Copyright © 2004, 2006, 2008 Gene Michael Stover. All rights reserved. Permission to copy, store, & view this document unmodified & in its entirety is granted.
fixme: Does not parse yyyymmddTHHMMSS Z god damn it all. Needs an overhaul. - gene 2006 April 8
fixme: Should also recognize partial dates, such as just the year or the year & the month without the day. - gene 2006 April
I needed a function to parse strings containing dates & return a Common Lisp UNIVERSAL TIME . While I was at it, I wrote a function to convert universal times to strings.
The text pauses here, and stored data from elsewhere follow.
(* Let $r\in[0,\pi/2)$ and suppose $\mathscr A^r$ is invariant for (TVKR). For $i\ne j$ define $c^r_{ij}(t)=[a_{ij}(t)+a_{ji}(t)]\cos r$ if $a_{ij}(t)+a_{ji}(t)>0$ and $c^r_{ij}(t)=a_{ij}(t)+a_{ji}(t)$ otherwise; and $\tilde a^r_{ik}(t)=a_{ik}(t)\cos r$ if $a_{ik}(t)>0$ and $\tilde a^r_{ik}(t)=a_{ik}(t)$ otherwise. Define $$\xi(L(t),r)=-\min_{i\ne j}\Big\{c^r_{ij}(t)+\sum_{k\ne i,j}\min\big(\tilde a^r_{ik}(t),\tilde a^r_{jk}(t)\big)\Big\}.$$ If there exist $T>0$ and $\eta>0$ such that $\frac1T\int_t^{t+T}\xi(L(s),r)\,ds\le-\eta$ for all $t\ge 0$, then the PD trajectories of (TVKR) are exponentially asymptotically stable within $\mathscr A^r$.
   Context: Consider $m\ge 2$ phase oscillators $\theta=(\theta_1,\dots,\theta_m)\in\mathbb R^m$ governed by (TVKR): $\dot\theta_i=\omega_i(t)+\sum_{j=1}^m a_{ij}(t)\sin(\theta_j-\theta_i)$, $i=1,\dots,m$, where $\omega_i$ and $a_{ij}$ are real-valued, piecewise continuous, bounded functions of $t\ge 0$ with $a_{ii}\equiv 0$; the $a_{ij}$ may be negative. $L(t)$ denotes the Laplacian with $l_{ij}=-a_{ij}$ ($i\ne j$), $l_{ii}=\sum_{j\ne i}a_{ij}$. Write $\theta_{ij}=\theta_i-\theta_j$. For $r\in[0,\pi/2)$, $\mathscr A^{r}=\{(\theta_{ij})_{i>j}: |\theta_{ij}|\le r \text{ for all } i>j\}$; $\mathscr A^r$ is invariant for (TVKR) if every solution whose phase differences lie in $\mathscr A^r$ at $t=0$ has phase differences in $\mathscr A^r$ for all $t\ge0$. The PD trajectories are exponentially asymptotically stable within $\mathscr A^r$ if there exist constants $M,T_0,\epsilon>0$ such that for any two solutions $\phi,\theta$ of (TVKR) whose initial phase differences lie in $\mathscr A^r$, $|\phi_{ij}(t)-\theta_{ij}(t)|\le M\max_{k,l}|\phi_{kl}(0)-\theta_{kl}(0)|e^{-\epsilon t}$ for all $t\ge T_0$ and all $i,j$. *)

From Stdlib Require Import Reals Lra List.
Import ListNotations.
Open Scope R_scope.

Definition sumR (l : list R) : R := fold_right Rplus 0 l.
Definition listMin (l : list R) : R :=
  match l with nil => 0 | x :: t => fold_right Rmin x t end.
Definition listMax (l : list R) : R :=
  match l with nil => 0 | x :: t => fold_right Rmax x t end.

Definition offdiag_pairs (m : nat) : list (nat * nat) :=
  flat_map (fun i => map (fun j => (i, j))
              (filter (fun j => negb (Nat.eqb i j)) (seq 0 m))) (seq 0 m).

Definition all_pairs (m : nat) : list (nat * nat) :=
  flat_map (fun k => map (fun l => (k, l)) (seq 0 m)) (seq 0 m).

Definition piecewise_continuous (f : R -> R) : Prop :=
  forall T, 0 < T ->
  exists pts : list R,
    (forall t, 0 <= t <= T -> ~ In t pts -> continuity_pt f t) /\
    (forall t, In t pts ->
       (0 <= t < T -> exists l, limit1_in f (fun x => t < x) l t) /\
       (0 < t <= T -> exists l, limit1_in f (fun x => x < t) l t)).

Definition bounded_on_nonneg (f : R -> R) : Prop :=
  exists B, forall t, 0 <= t -> Rabs (f t) <= B.

Definition tvkr_rhs (m : nat) (omega : nat -> R -> R) (a : nat -> nat -> R -> R)
  (theta : nat -> R -> R) (i : nat) (s : R) : R :=
  omega i s + sumR (map (fun j => a i j s * sin (theta j s - theta i s)) (seq 0 m)).

(** theta is a (Caratheodory) solution of (TVKR) on [0,+oo):
    theta_i(t) = theta_i(0) + \int_0^t rhs_i(s) ds for all t >= 0, i < m. *)
Definition is_solution (m : nat) (omega : nat -> R -> R) (a : nat -> nat -> R -> R)
  (theta : nat -> R -> R) : Prop :=
  forall i, (i < m)%nat -> forall t, 0 <= t ->
    exists pr : Riemann_integrable (tvkr_rhs m omega a theta i) 0 t,
      theta i t = theta i 0 + RiemannInt pr.

Definition PD_in (m : nat) (r : R) (theta : nat -> R -> R) (t : R) : Prop :=
  forall i j, (j < i < m)%nat -> Rabs (theta i t - theta j t) <= r.

Definition invariant_Ar (m : nat) (omega : nat -> R -> R) (a : nat -> nat -> R -> R)
  (r : R) : Prop :=
  forall theta, is_solution m omega a theta -> PD_in m r theta 0 ->
    forall t, 0 <= t -> PD_in m r theta t.

Definition init_PD_dist (m : nat) (phi theta : nat -> R -> R) : R :=
  listMax (map (fun p : nat * nat =>
     Rabs ((phi (fst p) 0 - phi (snd p) 0) - (theta (fst p) 0 - theta (snd p) 0)))
     (all_pairs m)).

Definition PD_exp_stable (m : nat) (omega : nat -> R -> R) (a : nat -> nat -> R -> R)
  (r : R) : Prop :=
  exists M T0 eps, 0 < M /\ 0 < T0 /\ 0 < eps /\
    forall phi theta,
      is_solution m omega a phi -> is_solution m omega a theta ->
      PD_in m r phi 0 -> PD_in m r theta 0 ->
      forall t, T0 <= t -> forall i j, (i < m)%nat -> (j < m)%nat ->
        Rabs ((phi i t - phi j t) - (theta i t - theta j t))
          <= M * init_PD_dist m phi theta * exp (- eps * t).

Definition c_r (a : nat -> nat -> R -> R) (r : R) (i j : nat) (t : R) : R :=
  let s := a i j t + a j i t in
  if Rlt_dec 0 s then s * cos r else s.

Definition atilde_r (a : nat -> nat -> R -> R) (r : R) (i k : nat) (t : R) : R :=
  if Rlt_dec 0 (a i k t) then a i k t * cos r else a i k t.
If you have a date-&-time string, such as ``Saturday, July 10, 2004, 6:45 PM PDT'', you can call my PARSE-TIME function to obtain the equivalent universal time. Here's an example:
lisp> (parse-time "July 10, 2004, 6:45 PM") 3298499100 lisp> (decode-universal-time *) 0 ; second 45 ; minute 18 ; hour 10 ; day 7 ; month 2004 ; year 5 T ; Daylight Stupid Time ??? 8 ; time zone lisp>
There is also a FORMAT-TIME function which converts universal times to text. It is the reverse of PARSE-TIME, & it's analogous to the Common Lisp function FORMAT . Here is an example of FORMAT-TIME in use:
lisp> (format-time nil "%H:%M on %A, %d %B" (get-universal-time)) "20:55 on Tuesday, 08 June" lisp>
%z (lower-case z) field.
The source code I describe in this article is released in accordance with the GNU Lesser General Public License.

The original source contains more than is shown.